Armageddon, Anyone?
June 3, 2016
“You, reader, I, writer,” said Mrs. Gaskell, “have each our great sorrow bearing down upon us.”* A telling and poetic sentiment. True, there’s a certain aura of First World comfort about it—the sorrow is singular, and it hasn’t arrived yet, unlike the multiple present agonies of so many around the globe—but it’s a good reminder that none of us is ultimately secure.
Reading Mrs. Gaskell the other day (more evidence of First Worldism: having the leisure to enjoy a 19th-century novelist), I wondered how her insight would apply to the specter of Donald Trump—because in the United States right now, it seems everything has to be measured in DTs.
Is it the lost sense of security that drives so many white working-class Americans toward The Donald’s blustering fraudulence?

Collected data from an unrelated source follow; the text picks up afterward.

Lemma PDA_exists_deranged F n r p : deranged_PDA F n r p -> PDA_exists F F 2 'I_n.
Proof.
case=> p_lt p_inj r_None r_lt r_cross.
pose R (j k : 'I_F) : option 'I_n := obind insub (r j k).
have R_None j k : R j k = None <-> r j k = None.
  rewrite /R; case E: (r j k) => [t|] //=; split=> //.
  by rewrite insubT //; apply: r_lt E.
have R_Some j k t : R j k = Some t <-> r j k = Some (val t).
  rewrite /R; case: (r j k) => [u|] //=; split; last by case=> ->; rewrite valK.
  by case: insubP => // v _ <- [->].
have R_cross (j1 j2 k1 k2 : 'I_F) t : (j1, k1) <> (j2, k2) ->
    R j1 k1 = Some t -> R j2 k2 = Some t -> R j1 k2 = None /\ R j2 k1 = None.
  move=> jk12 /R_Some E1 /R_Some E2; rewrite !R_None.
  apply: (r_cross _ _ _ _ _ (ltn_ord j1) (ltn_ord k1) (ltn_ord j2) (ltn_ord k2) _ E1 E2).
  case: (eqVneq j1 j2) => [j12|j12]; last by left => /ord_inj/eqP; rewrite (negbTE j12).
  by right => /ord_inj k12; apply: jk12; rewrite j12 k12.
exists R; split; [|split; [|split]] => //.
- move=> k; have [pk_lt pk_neq] := p_lt k (ltn_ord k).
  have -> : [set j | R j k == None] = [set k; Ordinal pk_lt].
    apply/setP => j; rewrite inE; apply/eqP/set2P.
    + by move/R_None/(r_None _ _ (ltn_ord j) (ltn_ord k)) => [] ?; [left | right]; apply: ord_inj.
    + by move=> jk; apply/R_None/(r_None _ _ (ltn_ord j) (ltn_ord k)); case: jk => ->; [left|right].
  by rewrite cards2; case: eqP => // /(congr1 val) /= /esym.
- move=> j k1 k2 t E1 E2; apply/eqP; apply: contraT => /eqP k12.
  by have [] := R_cross j j k1 k2 t (fun E => k12 (congr1 snd E)) E1 E2; rewrite E2.
- move=> j1 j2 k t E1 E2; apply/eqP; apply: contraT => /eqP j12.
  by have [] := R_cross j1 j2 k k t (fun E => j12 (congr1 fst E)) E1 E2; rewrite E1.
Qed.

Section Extend3.
Variables (F n : nat) (r : nat -> nat -> option nat) (p : nat -> nat).
Hypothesis rp : deranged_PDA F n r p.

(* Rows and columns [F + a], [a < 3], are added; the symbols [n.+1 + 3 * q + i]
   fill the new columns of the old rows and are repeated once in the new rows,
   while [n] fills three cells of the new 3 x 3 corner. *)
Definition extend3 (j k : nat) : option nat :=
  if j < F then
    if k < F then r j k else Some (n.+1 + 3 * j + (k - F))
  else if k < F then Some (n.+1 + 3 * (if j - F < 2 then k else p k) + (j - F + 2) %% 3)
  else if j - F == (k - F + 2) %% 3 then Some n else None.

Definition extend3_perm (k : nat) : nat := if k < F then p k else F + (k - F).+1 %% 3.

Lemma extend3_old_sym j k t : extend3 j k = Some t -> t < n -> j < F /\ k < F.
Proof.
rewrite /extend3; case: (ltnP j F) => jF; case: (ltnP k F) => kF //; try by case=> <-; lia.
by case: ifP => // _ [<-]; lia.
Qed.

Lemma extend3_corner j k : extend3 j k = Some n ->
  [/\ F <= j, F <= k & j - F = (k - F + 2) %% 3].
Proof.
case: rp => _ _ _ r_lt _; rewrite /extend3; case: (ltnP j F) => jF; case: (ltnP k F) => kF.
- by move/(r_lt _ _ _ jF kF); rewrite ltnn.
- by case; lia.
- by case; lia.
- by case: eqP.
Qed.
Lemma complexify_linear (g : realify -> R) :
  linear_on setT g -> linear_on setT (complexify g).
Proof.
move=> g_lin [a b] x y _ _.
have gD u v : g (u + v) = g u + g v.
  by have := g_lin 1 u v Logic.I Logic.I; rewrite scale1r mul1r.
have gZ r u : g (r%:C *: u) = r * g u by rewrite -realifyZE (linear_onZ Logic.I g_lin).
have Zx : (a +i* b) *: x = a%:C *: x + b%:C *: ('i *: x).
  by rewrite scalerA -scalerDl; congr (_ *: _); simpc.
have iZx : 'i *: ((a +i* b) *: x) = (- b)%:C *: x + a%:C *: ('i *: x).
  by rewrite Zx scalerDr !scalerA addrC; congr (_ + _); congr (_ *: _); simpc.
rewrite /complexify scalerDr !gD iZx Zx !gD !gZ /=; congr (_ +i* _); ring.
Qed.

Lemma complexify_Re (Y : set X) (f : X -> complex R) (g : realify -> R) :
    lin_subspace Y -> linear_on Y f -> (forall y, Y y -> g y = complex.Re (f y)) ->
  forall y, Y y -> complexify g y = f y.
Proof.
move=> [Y0 YD] f_lin gf y Yy.
have Yiy : Y ('i *: y) by rewrite -[_ *: y]addr0; exact: YD.
rewrite /complexify !gf // (linear_onZ Y0 f_lin) //.
by case: (f y) => a b /=; simpc.
Qed.

Lemma complexify_dominated (q : X -> \bar R) (g : realify -> R) :
    ext_seminorm (@Normc.normc R) q -> linear_on setT g ->
    (forall x, ((g x)%:E <= q x)%E) ->
  forall x, ((Normc.normc (complexify g x))%:E <= q x)%E.
Proof.
move=> [_ qZ _] g_lin gq x.
have [w [w1 <-]] := normc_rotate (complexify g x).
rewrite -(linear_onZ Logic.I (complexify_linear g_lin)) //.
by have := gq (w *: x); rewrite qZ w1 mul1e.
Qed.

End Complexification.
(* Let $w:=3/\sqrt{2}$, and for $t\in[0,w]$ put $x:=-t+wi$. Define $M(q,t):=|(1+qx)(1+q/x)|$ and $M_0(q,t):=(1-q)M(q,t)$. Then: for each fixed $q\in[0.6,1]$, the functions $t\mapsto M(q,t)$ and $t\mapsto M_0(q,t)$ on $[0,w]$ attain their maximum at $t=0$; and for each fixed $q\in[0.6,0.75]$, the functions $t\mapsto M(q,t)$ and $t\mapsto M_0(q,t)$ on $[1,w]$ attain their maximum at $t=1$. *)

From Stdlib Require Import Reals.
From Coquelicot Require Import Coquelicot.
Open Scope R_scope.

Definition w : R := 3 / sqrt 2.

Definition xpt (t : R) : C := (RtoC (- t) + RtoC w * Ci)%C.

Definition M (q t : R) : R :=
  Cmod ((RtoC 1 + RtoC q * xpt t) * (RtoC 1 + RtoC q / xpt t))%C.

Definition M0 (q t : R) : R := (1 - q) * M q t.

(** [M(q,t)^2] is a rational function of [t], and for [s = 0] or [s = 1] the
    difference [M(q,s)^2 - M(q,t)^2] factors as [q (t - s)] times a polynomial
    over a positive denominator. The polynomial dominates a positive multiple
    of a cubic in [t] alone, via [2q <= 1 + q^2] for [s = 0] and
    [25q <= 12(1 + q^2)] (valid for [0 <= q <= 3/4]) for [s = 1]. On
    [0 <= t <= w] one has [t^3 <= 9t/2], which bounds the cubic below by a
    quadratic with negative discriminant. *)

From Stdlib Require Import Reals Lra Psatz.
From Coquelicot Require Import Coquelicot.
Open Scope R_scope.

Lemma w_sqr : w ^ 2 = 9 / 2.
Proof.
assert (Hsqrt2 : 0 < sqrt 2) by (apply sqrt_lt_R0; lra).
unfold w; replace ((3 / sqrt 2) ^ 2) with (9 / (sqrt 2 * sqrt 2)) by (field; lra).
rewrite sqrt_sqrt; lra.
Qed.

Lemma sqr_le_w_sqr (t : R) : 0 <= t <= w -> t ^ 2 <= 9 / 2.
Proof. intros Ht; rewrite <- w_sqr; nra. Qed.

Definition Msq (q t : R) : R :=
  ((1 - q * t) ^ 2 + 9 / 2 * q ^ 2) * ((q - t) ^ 2 + 9 / 2) / (t ^ 2 + 9 / 2).

Lemma M_sqrt_Msq (q t : R) : M q t = sqrt (Msq q t).
Proof.
unfold M, Msq; rewrite Cmod_mult; unfold Cmod; rewrite <- sqrt_mult; try nra.
pose proof w_sqr as Hw.
assert (Hx : 0 < t * t + w * w) by nra.
f_equal; unfold xpt; simpl; rewrite <- Hw; field; nra.
Qed.

Lemma M_M0_le_of_Msq_le (q t s : R) :
  q <= 1 -> Msq q t <= Msq q s -> M q t <= M q s /\ M0 q t <= M0 q s.
Proof.
intros Hq Hts.
assert (HM : M q t <= M q s) by (rewrite !M_sqrt_Msq; apply sqrt_le_1_alt; exact Hts).
split; [exact HM | unfold M0; apply Rmult_le_compat_l; lra].
Qed.

Definition gap0 (q t : R) : R :=
  18 * (1 + q ^ 2) * (2 * t ^ 2 + 11) - q * t * (18 * t ^ 2 + 149).

Lemma Msq_sub_at0 (q t : R) :
  Msq q 0 - Msq q t = q * t * gap0 q t / (9 * (2 * t ^ 2 + 9)).
Proof. unfold Msq, gap0; field; nra. Qed.

Lemma gap0_ge0 (q t : R) : 0 <= t -> t ^ 2 <= 9 / 2 -> 0 <= gap0 q t.
Proof.
intros Ht0 Htw.
assert (Hcube : t ^ 3 <= 9 / 2 * t) by nra.
assert (Hquad : 0 <= 72 * t ^ 2 - 230 * t + 396)
  by (pose proof (pow2_ge_0 (t - 115 / 72)); nra).
assert (Hcubic : 0 <= 36 * (2 * t ^ 2 + 11) - t * (18 * t ^ 2 + 149)) by nra.
assert (Hq : 2 * q <= 1 + q ^ 2) by (pose proof (pow2_ge_0 (q - 1)); nra).
assert (Hpos : 0 <= t * (18 * t ^ 2 + 149)) by nra.
unfold gap0; nra.
Qed.

Lemma Msq_le_at0 (q t : R) :
  0 <= q -> 0 <= t -> t ^ 2 <= 9 / 2 -> Msq q t <= Msq q 0.
Proof.
intros Hq Ht Htw.
pose proof (gap0_ge0 q t Ht Htw) as Hgap.
enough (0 <= Msq q 0 - Msq q t) by lra.
rewrite Msq_sub_at0; apply Rdiv_le_0_compat; [apply Rmult_le_pos|]; nra.
Qed.

Definition gap1 (q t : R) : R :=
  2 * (1 + q ^ 2) * (22 * t ^ 2 - 4 * t + 117) - q * (t + 1) * (22 * t ^ 2 + 167).

Lemma Msq_sub_at1 (q t : R) :
  Msq q 1 - Msq q t = q * (t - 1) * gap1 q t / (11 * (2 * t ^ 2 + 9)).
Proof. unfold Msq, gap1; field; nra. Qed.

Lemma gap1_ge0 (q t : R) :
  0 <= q <= 3 / 4 -> 0 <= t -> t ^ 2 <= 9 / 2 -> 0 <= gap1 q t.
Proof.
intros Hq Ht0 Htw.
assert (Hcube : t ^ 3 <= 9 / 2 * t) by nra.
assert (Hquad : 0 <= 836 * t ^ 2 - 3392 * t + 3846)
  by (pose proof (pow2_ge_0 (t - 1696 / 836)); nra).
assert (Hcubic :
  0 <= 50 * (22 * t ^ 2 - 4 * t + 117) - 12 * (t + 1) * (22 * t ^ 2 + 167)) by nra.
assert (Hq25 : 25 * q <= 12 * (1 + q ^ 2)) by nra.
assert (Hpos : 0 <= 22 * t ^ 2 - 4 * t + 117) by nra.
unfold gap1; nra.
Qed.

Lemma Msq_le_at1 (q t : R) :
  0 <= q <= 3 / 4 -> 1 <= t -> t ^ 2 <= 9 / 2 -> Msq q t <= Msq q 1.
Proof.
intros Hq Ht Htw.
pose proof (gap1_ge0 q t Hq ltac:(lra) Htw) as Hgap.
enough (0 <= Msq q 1 - Msq q t) by lra.
rewrite Msq_sub_at1; apply Rdiv_le_0_compat; [apply Rmult_le_pos|]; nra.
Qed.

Theorem lemma4 :
  (forall q : R, 3/5 <= q <= 1 ->
     forall t : R, 0 <= t <= w ->
       M q t <= M q 0 /\ M0 q t <= M0 q 0) /\
  (forall q : R, 3/5 <= q <= 3/4 ->
     forall t : R, 1 <= t <= w ->
       M q t <= M q 1 /\ M0 q t <= M0 q 1).
Proof.
split; intros q Hq t Ht; apply M_M0_le_of_Msq_le; try lra.
- apply Msq_le_at0; try lra; apply sqr_le_w_sqr; lra.
- apply Msq_le_at1; try lra; apply sqr_le_w_sqr; lra.
Qed.
(* Let $V$ be an $n$-dimensional complex vector space with complete flag $F_\bullet$, let $U\subseteq V$ be an $r$-dimensional subspace lying in the Schubert variety $\Omega_I(F_\bullet)\subseteq\mathrm{Gr}(r,V)$ for some $r$-element $I\subseteq[n]$, and let $W=V/U$. (i) If $X\subseteq U$ is a subspace of dimension $x$ with $X\in\Omega_P(F_\bullet U)\subseteq\mathrm{Gr}(x,U)$ for an $x$-element $P\subseteq[r]$, then $X\in\Omega_{I_P}(F_\bullet)\subseteq\mathrm{Gr}(x,V)$. (ii) If $Y\subseteq W$ is a subspace of dimension $y$ with $Y\in\Omega_P(F_\bullet W)\subseteq\mathrm{Gr}(y,W)$ for a $y$-element $P\subseteq[n-r]$, and $Y=Z/U$ with $U\subseteq Z\subseteq V$, then $Z\in\Omega_{I^+_P}(F_\bullet)\subseteq\mathrm{Gr}(r+y,V)$.
   Context: $[n]=\{1,\dots,n\}$. A complete flag in an $N$-dimensional space $E$ is $0=F_0\subset F_1\subset\cdots\subset F_N=E$ with $\dim F_i=i$. For $J=\{j_1<\dots<j_k\}\subseteq[N]$, $\Omega_J(F_\bullet)=\{L\in\mathrm{Gr}(k,E):\dim(L\cap F_{j_a})\ge a,\ 1\le a\le k\}$; the Schubert cell $\Omega^\circ_J(F_\bullet)$ is the set of $k$-dimensional $L$ with $\{i\in[N]: L\cap F_i\ne L\cap F_{i-1}\}=J$. Induced flags: let $H=\{h_1<\dots<h_r\}$ be the set with $U\in\Omega^\circ_H(F_\bullet)$ and $H^c=[n]\setminus H=\{h^c_1<\dots<h^c_{n-r}\}$; then $F_kU=F_{h_k}\cap U$ ($1\le k\le r$) and $F_kW=(U+F_{h^c_k})/U$ ($1\le k\le n-r$). For $I=\{i_1<\dots<i_r\}$ and $P=\{p_1<\dots<p_x\}\subseteq[r]$, $I_P=\{i_{p_1}<\dots<i_{p_x}\}$; for $P\subseteq[n-r]$, $I^+_P=I\cup\{i^c_p:p\in P\}$ where $[n]\setminus I=\{i^c_1<\dots<i^c_{n-r}\}$. *)

From HB Require Import structures.
From mathcomp Require Import all_boot all_order all_algebra.
From mathcomp Require Export complex.
From mathcomp Require Export reals.
Export all_boot all_order all_algebra.

Set Implicit Arguments.
Unset Strict Implicit.
Unset Printing Implicit Defensive.

(* Index sets J ⊆ [N] = {1,...,N} are encoded as strictly increasing
   sequences of naturals, 1-based as in the paper: j_a = nth 0 J (a-1). *)
Definition index_set (N : nat) (J : seq nat) : bool :=
  sorted ltn J && all (fun j => (0 < j <= N)%N) J.

Definition compl_idx (N : nat) (J : seq nat) : seq nat :=
  [seq i <- iota 1 N | i \notin J].

Section Flags.
Variables (K : fieldType) (vT : vectType K).

Definition complete_flag (E : {vspace vT}) (F : nat -> {vspace vT}) : Prop :=
  F 0%N = 0%VS /\
  (forall i, (i <= \dim E)%N -> (F i <= E)%VS /\ \dim (F i) = i) /\
  (forall i, (i < \dim E)%N -> (F i <= F i.+1)%VS) /\
  F (\dim E) = E.

Definition schubert_variety (E : {vspace vT}) (F : nat -> {vspace vT})
    (J : seq nat) (L : {vspace vT}) : Prop :=
  (L <= E)%VS /\ \dim L = size J /\
  (forall a, (a < size J)%N -> (a.+1 <= \dim (L :&: F (nth 0%N J a)))%N).

Definition jump_set (N : nat) (F : nat -> {vspace vT}) (L : {vspace vT})
    : seq nat :=
  [seq i <- iota 1 N | (L :&: F i != L :&: F i.-1)%VS].

Definition schubert_cell (E : {vspace vT}) (F : nat -> {vspace vT})
    (J : seq nat) (L : {vspace vT}) : Prop :=
  (L <= E)%VS /\ \dim L = size J /\ jump_set (\dim E) F L = J.

Definition sub_flag (N : nat) (F : nat -> {vspace vT}) (U : {vspace vT})
    (k : nat) : {vspace vT} :=
  if k == 0%N then 0%VS else (F (nth 0%N (jump_set N F U) k.-1) :&: U)%VS.

End Flags.

(* induced flag on W = V/U, where the quotient is given by a linear
   surjection pi : V -> W with kernel U:
   F_k W = pi(U + F_{h^c_k}), H^c = [N] \ H. *)
Definition quot_flag (K : fieldType) (vT wT : vectType K) (N : nat)
    (F : nat -> {vspace vT}) (U : {vspace vT}) (pi : 'Hom(vT, wT))
    (k : nat) : {vspace wT} :=
  if k == 0%N then 0%VS
  else (pi @: (U + F (nth 0%N (compl_idx N (jump_set N F U)) k.-1)))%VS.

Definition idx_sub (I P : seq nat) : seq nat :=
  [seq nth 0%N I p.-1 | p <- P].

Definition idx_plus (N : nat) (I P : seq nat) : seq nat :=
  sort leq (I ++ [seq nth 0%N (compl_idx N I) p.-1 | p <- P]).

(* Both Schubert conditions are used in counting form: for J sorted, L lies in
   Omega_J(F) iff dim (L :&: F j) >= #{a | j_a <= j} for every j, and for any L
   the number of jumps of L up to j is exactly dim (L :&: F j).
   (i) Applied to U, the second fact gives h_p <= i_p, so F_p U = F_{h_p} :&: U
   is contained in F_{i_p}.
   (ii) As ker pi = U <= Z, dim (Z :&: F j) = dim (U :&: F j) + dim (Y :&: pi F_j),
   and pi F_j = pi (U + F_j) contains F_k W for k the number of non-jumps of U up
   to j.  Counting the elements <= j of I, [n] \ I, H and [n] \ H then bounds
   #{elements of I^+_P that are <= j} by dim (Z :&: F j). *)

From mathcomp Require Import zify.
Import GRing.Theory.

Set Implicit Arguments.
Unset Strict Implicit.
Unset Printing Implicit Defensive.

Definition count_le (s : seq nat) (j : nat) : nat := count (leq^~ j) s.

Lemma count_le_nth s a j : sorted leq s -> a < size s ->
  (a < count_le s j) = (nth 0 s a <= j).
Proof.
elim: s a => // x s IHs a /= x_path; rewrite /count_le /= -/(count_le s j).
have x_le := allP (order_path_min leq_trans x_path).
have [x_le_j | j_lt_x] := leqP x j.
  by case: a => [|a] //=; rewrite ltnS => /(IHs _ (path_sorted x_path)).
have -> : count_le s j = 0.
  apply/eqP; rewrite -leqn0 leqNgt -has_count; apply/hasPn => y /x_le.
  by rewrite -ltnNge; apply: leq_trans.
case: a => [|a] a_lt /=; first by rewrite (ltn_geF j_lt_x).
rewrite ltnS in a_lt; have x_le_nth := x_le _ (mem_nth 0 a_lt).
by rewrite (ltn_geF (leq_trans j_lt_x x_le_nth)).
Qed.

Lemma nth_le_of_count_le s a j : sorted leq s -> a < count_le s j -> nth 0 s a <= j.
Proof.
move=> s_sorted a_lt; rewrite -count_le_nth //.
exact: leq_trans a_lt (count_size _ _).
Qed.

Lemma count_le_filterC s (p : pred nat) j :
  count_le (filter p s) j + count_le (filter (predC p) s) j = count_le s j.
Proof.
rewrite /count_le -[in RHS]size_filter -(count_predC p) !count_filter.
by congr (_ + _); apply: eq_count => x /=; rewrite andbC.
Qed.

Lemma count_le_filter_iota (q : pred nat) n j : j <= n ->
  count_le (filter q (iota 1 n)) j = count q (iota 1 j).
Proof.
move=> le_jn; rewrite /count_le count_filter -(subnKC le_jn) iotaD count_cat.
rewrite (@eq_in_count _ _ q) => [|i]; last first.
  by rewrite mem_iota /= add1n ltnS => /andP[_ ->].
rewrite (@eq_in_count _ _ pred0 (iota j.+1 _)) => [|i]; last first.
  by rewrite mem_iota /=; lia.
by rewrite count_pred0 addn0.
Qed.

Lemma count_le_iota n j : j <= n -> count_le (iota 1 n) j = j.
Proof.
move=> le_jn; rewrite -[iota 1 n]filter_predT count_le_filter_iota //.
by rewrite count_predT size_iota.
Qed.

Lemma count_le_size s n : all (leq^~ n) s -> count_le s n = size s.
Proof.
move=> s_le; rewrite /count_le (eq_in_count (a2 := predT)) ?count_predT //.
exact/allP.
Qed.

Lemma count_le_uniq_sub s a b : uniq s -> a <= b ->
  count_le s b <= count_le s a + (b - a).
Proof.
move=> s_uniq le_ab; rewrite /count_le.
have -> : count (leq^~ b) s = count (leq^~ a) s + count (fun x => a < x <= b) s.
  by elim: s {s_uniq} => //= x s ->; case: (leqP x a); case: (leqP x b); lia.
rewrite leq_add2l -size_filter -(size_iota a.+1 (b - a)).
apply: uniq_leq_size; first exact: filter_uniq.
by move=> x; rewrite mem_filter mem_iota => /andP[]; lia.
Qed.

Lemma index_set_sorted N I : index_set N I -> sorted leq I.
Proof. by case/andP=> /(sub_sorted ltnW). Qed.

Lemma index_set_le N I : index_set N I -> all (leq^~ N) I.
Proof. by case/andP=> _ /allP I_le; apply/allP=> i /I_le /andP[]. Qed.

Lemma nth_index_set_le N I i : index_set N I -> nth 0 I i <= N.
Proof.
move=> /index_set_le I_le.
by have [/(mem_nth 0)/(allP I_le) | /(nth_default 0)->] := ltnP i (size I).
Qed.

Lemma index_set_filter_iota N (q : pred nat) : index_set N (filter q (iota 1 N)).
Proof.
apply/andP; split; first exact/sorted_filter/iota_ltn_sorted/ltn_trans.
by apply/allP=> i; rewrite mem_filter mem_iota => /andP[_]; lia.
Qed.

Lemma index_set_compl_idx N I : index_set N (compl_idx N I).
Proof. exact: index_set_filter_iota. Qed.

Lemma perm_index_set N I : index_set N I -> perm_eq I [seq i <- iota 1 N | i \in I].
Proof.
case/andP=> I_sorted /allP I_range; apply: uniq_perm.
- exact: sorted_uniq ltn_trans ltnn _ I_sorted.
- exact/filter_uniq/iota_uniq.
move=> i; rewrite mem_filter mem_iota andbC.
by have [/I_range|] := boolP (i \in I); rewrite ?andbF ?andbT // add1n ltnS => ->.
Qed.

Lemma count_le_compl_idx N I j : index_set N I -> j <= N ->
  count_le I j + count_le (compl_idx N I) j = j.
Proof.
move=> I_index le_jN; rewrite /count_le (permP (perm_index_set I_index)).
by rewrite -[RHS](count_le_iota le_jN) -(count_le_filterC _ (fun i => i \in I)).
Qed.

Lemma size_compl_idx N I : index_set N I -> size (compl_idx N I) = N - size I.
Proof.
move=> I_index; have := count_le_compl_idx I_index (leqnn N).
rewrite !count_le_size ?(index_set_le I_index) //; first lia.
exact: index_set_le (index_set_compl_idx N I).
Qed.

That’s what the standard analysis suggests.
Or, I wonder, is it just that so many don’t give a shit anymore? They don’t care if he tosses insults like a fifth grader, offends allies or even starts a new war. It’s time for revenge on the elites, folks—meaning those people who’ve been running things while the rest of us watch sit-coms and football. The elites deserve whatever mockery the Donald can dish out, the more vulgar the better.
And if this means a great sorrow is bearing down on us all, so what? We’ll go down in a blaze of glory—that is, a flaming spew of intolerance, ignorance and spite. It’ll be fun! Like Armageddon. Like The Hunger Games. Time to die, everyone!
Is it possible to have a national death wish?
I think it is.
*The quote is from Elizabeth Cleghorn Gaskell, A Dark Night’s Work (1863), Chap. 4.